Many of his friends, including me, have asked themselves the reason for which he took his own life at a time when outward appearances suggested such success. I thought I knew the man, but I had no inkling he was so despondent. We had spoken a lot over the years about his family, his wife, his children and the problems he experienced. No problem we discussed seemed to me to be so insurmountable as to lead him to suicide. Early in our friendship, I talked to him daily as he struggled to put on paper that which would become his autobiography. The book did not come to him easily. At most, he wrote only a paragraph each day. Often, he wrote nothing for weeks. Through all this, he never once showed me what he had written. As I look back, I see that, even with those who knew him best, he did not divulge the extent of his internal suffering. This video, recorded about three years before his suicide is ironically telling in retrospect.
I had small windows into his life outside the Pentagon where we both worked. I knew his wife, Toddy, and his two children, Lew and Maggie…and the basset hound, Josephine. My wife and I had been to their Northern Virginia home on several occasions. Lew’s mother, Virginia, was in the mold of a southern lady who spoke well, articulating each word distinctly. When I spoke to her at several of the large, annual Puller family gatherings, she always reminded me that her husband, Chesty Puller, was a “national figure.” My own mother loved Lew’s autobiography and bought extra copies to give to her friends. When Lew visited Cleveland on a book tour, my mother took the bus to downtown where she greeted him as he exited the car in front of the bookstore where he was to speak. She was delighted when Lew instantly recognized her name and told her I was one of his best friends.
I miss his sense of humor. He was always ready with a good joke, knowing just how to tell it. A lot of his jokes came from Bob Kerrey, who, as then-governor of Nebraska and a friend of Lew’s since their hospitalization together, would dine with Lew when he came to Washington, D.C.. I always looked forward to the following day when Lew would repeat a few stories at our daily breakfast meeting. From Lew I also learned the ups and downs in the lives of the handicapped: the patronizing attitude of store clerks, airline personnel and the public. He used to say, “I’m tired of having people stare at my crotch,” referring to the place at which his legs then ended. He did speak about pain in the stumps of his legs but never told me about the pain medication he was using…and abusing. One of the last times I saw him was at the Bethesda Naval Medical Center where he was recovering from a broken pelvis as the result of a fall from his wheelchair while in rehabilitation for his addiction. He was in terrible pain but was unable to get relief for fear of relapsing into dependence on pain medication and alcohol.

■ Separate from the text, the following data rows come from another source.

Lemma phi_widen_mpoly q : phi (widen_mpoly q) = q.
Proof.
apply: (@mpoly_rmorph_eq _ _ _ (phi \o widen_mpoly) idfun) => [c|i] /=.
  by rewrite widen_mpolyC phiC.
have ilt : (widen_ord (leq_subr r n) i < n - r)%N := ltn_ord i.
rewrite widen_mpolyX phiX subst_val_low // (low_varE ilt).
by congr 'X_(_); apply: val_inj.
Qed.

Hypotheses (basisB : is_basis M (Bset n r)) (adm : admissible k M (Bset n r) a).

Lemma coc_Bset_low j i :
  j \in Bset n r -> i \in coc M (Bset n r) j -> i != j -> (i < n - r)%N.
Proof.
move=> jB icoc ij; have /and3P [_ sub _] := fundamental_cocircuit basisB jB.
by have := subsetP sub i icoc; rewrite !inE (negbTE ij) orbF -ltnNge.
Qed.

(* a*_jj is a sign because e_j lies in the cocircuit coc(B,e_j). *)
Lemma admissible_diag_neq0 j : j \in Bset n r -> (a j j)%:~R != 0 :> k.
Proof.
move=> jB; have /and3P [cocD _ jcoc] := fundamental_cocircuit basisB jB.
have [s [t [_ sign_t _ ->//]]] := adm.
have := sign_t _ cocD j; rewrite jcoc => /orP [] /eqP ->.
  by rewrite oner_neq0.
by rewrite rmorphN rmorph1 oppr_eq0 oner_neq0.
Qed.

Lemma theta_split j : j \in Bset n r ->
  theta j = (a j j)%:~R *: 'X_j +
            \sum_(i in coc M (Bset n r) j | i != j) (a j i)%:~R *: 'X_i.
Proof.
move=> jB; have /and3P [_ _ jcoc] := fundamental_cocircuit basisB jB.
by rewrite /theta (bigD1 j).
Qed.

Lemma phi_theta j : j \in Bset n r -> phi (theta j) = 0.
Proof.
move=> jB; have jge : (n - r <= j)%N by move: jB; rewrite inE.
rewrite theta_split // rmorphD raddf_sum /= phiZ phiX subst_val_high //.
rewrite scalerA mulrN mulfV ?admissible_diag_neq0 // scaleN1r addrC.
apply/eqP; rewrite subr_eq0; apply/eqP/eq_bigr => i /andP [icoc ij].
by rewrite phiZ phiX subst_val_low // (coc_Bset_low jB).
Qed.

Lemma widen_phi_congr p :
  in_ideal (@ThetaB k n r M a) (p - widen_mpoly (phi p)).
Proof.
apply: (@mpoly_rmorph_congr _ _ _ idfun (widen_mpoly \o phi)) => [c|j] /=.
  by rewrite phiC widen_mpolyC subrr; apply: in_ideal0.
rewrite phiX; have [jlt|jge] := ltnP j (n - r).
  by rewrite subst_val_low // widen_low_var // subrr; apply: in_ideal0.
have jB : j \in Bset n r by rewrite inE.
suff -> : 'X_j - widen_mpoly (subst_val j) = ((a j j)%:~R^-1)%:MP * theta j.
  by apply/in_idealMl/in_ideal_gen; exists j.
rewrite theta_split // subst_val_high // widen_mpolyZ (raddf_sum widen_mpoly) mul_mpolyC.
rewrite scalerDr scalerA mulVf ?admissible_diag_neq0 // scale1r scaleNr opprK.
congr (_ + _ *: _); apply: eq_bigr => i /andP [icoc ij] /=.
by rewrite widen_mpolyZ widen_low_var // (coc_Bset_low jB).
Qed.

End Substitution.

Theorem proposition4p1 (k : fieldType) (n r : nat) (M : matroid n)
    (a : 'I_n -> 'I_n -> int) :
  regular M ->
  (r <= n)%N ->
  is_basis M (Bset n r) ->
  admissible k M (Bset n r) a ->
  (* the substitution identifies k[x_1..x_n]/(Theta^B) with k[x_1..x_{n-r}] *)
  (forall q : {mpoly k[n - r]}, exists p : {mpoly k[n]}, @phi k n r M a p = q) /\
  (forall p : {mpoly k[n]},
      @phi k n r M a p = 0 <-> in_ideal (@ThetaB k n r M a) p) /\
  (* under it, I_{Delta_BC(M)} + (Theta^B) corresponds to J(Delta_BC(M)),
     i.e. k[Delta_BC(M)]/(Theta^B) = k[x]/(I + Theta) ~= k[x_1..x_{n-r}]/J *)
  (forall p : {mpoly k[n]},
      in_ideal (fun g => @SRgen k n M g \/ @ThetaB k n r M a g) p <->
      in_ideal (@Jgen k n r M a) (@phi k n r M a p)).
Proof.
(* Regularity only guarantees that admissible signings exist, and admissibility
   is assumed here. *)
move=> _ _ basisB adm.
have phiTheta g : @ThetaB k n r M a g -> @phi k n r M a g = 0.
  by move=> [j jB ->]; apply: phi_theta.
have congr_widen := widen_phi_congr basisB adm.
split; first by move=> q; exists (@widen_mpoly k n r q); apply: phi_widen_mpoly.
split=> p; first exact: rmorph_eq0_ideal.
apply: ideal_correspondence => // [_ [C circC ->]|_ [C circC ->]].
  by exists C.
by exists (\prod_(i in broken C) 'X_i) => //; exists C.
Qed.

The day he killed himself, I was to have called him to invite him to a Sunday brunch, however, with my own hospitalization for surgery planned for that afternoon, I put off the call. In retrospect, I cannot help but wonder whether speaking with him might have prevented him from taking his life. I also ask myself whether or not I had been enough of a friend in the months prior to his death. My calls to him during that period were short, as he usually claimed that it was not a good time to talk. I took him at his word and gave him the space he said he needed – in hindsight, was I only giving him enough latitude to end his life? Some time after Lew’s death I had an exchange of emails with Kerrey, by then the president of the New School in New York City, in which I told him that I was not aware of Lew’s extreme distress.
I remember clearly the time, just a day or so after he won the Pulitzer Prize, that he came to the Pentagon cafeteria and told me about the reporters camped on the lawn of his home as he returned from work. Not having heard the news or known anyone who had won a Pulitzer, I asked him what winning the prize meant. “Do you get some money?” I asked. He replied, “Not sure. But when you die they begin your obituary by saying, ‘Pulitzer Prize winning author…’” We laughed.
Lewis, I hardly knew ye.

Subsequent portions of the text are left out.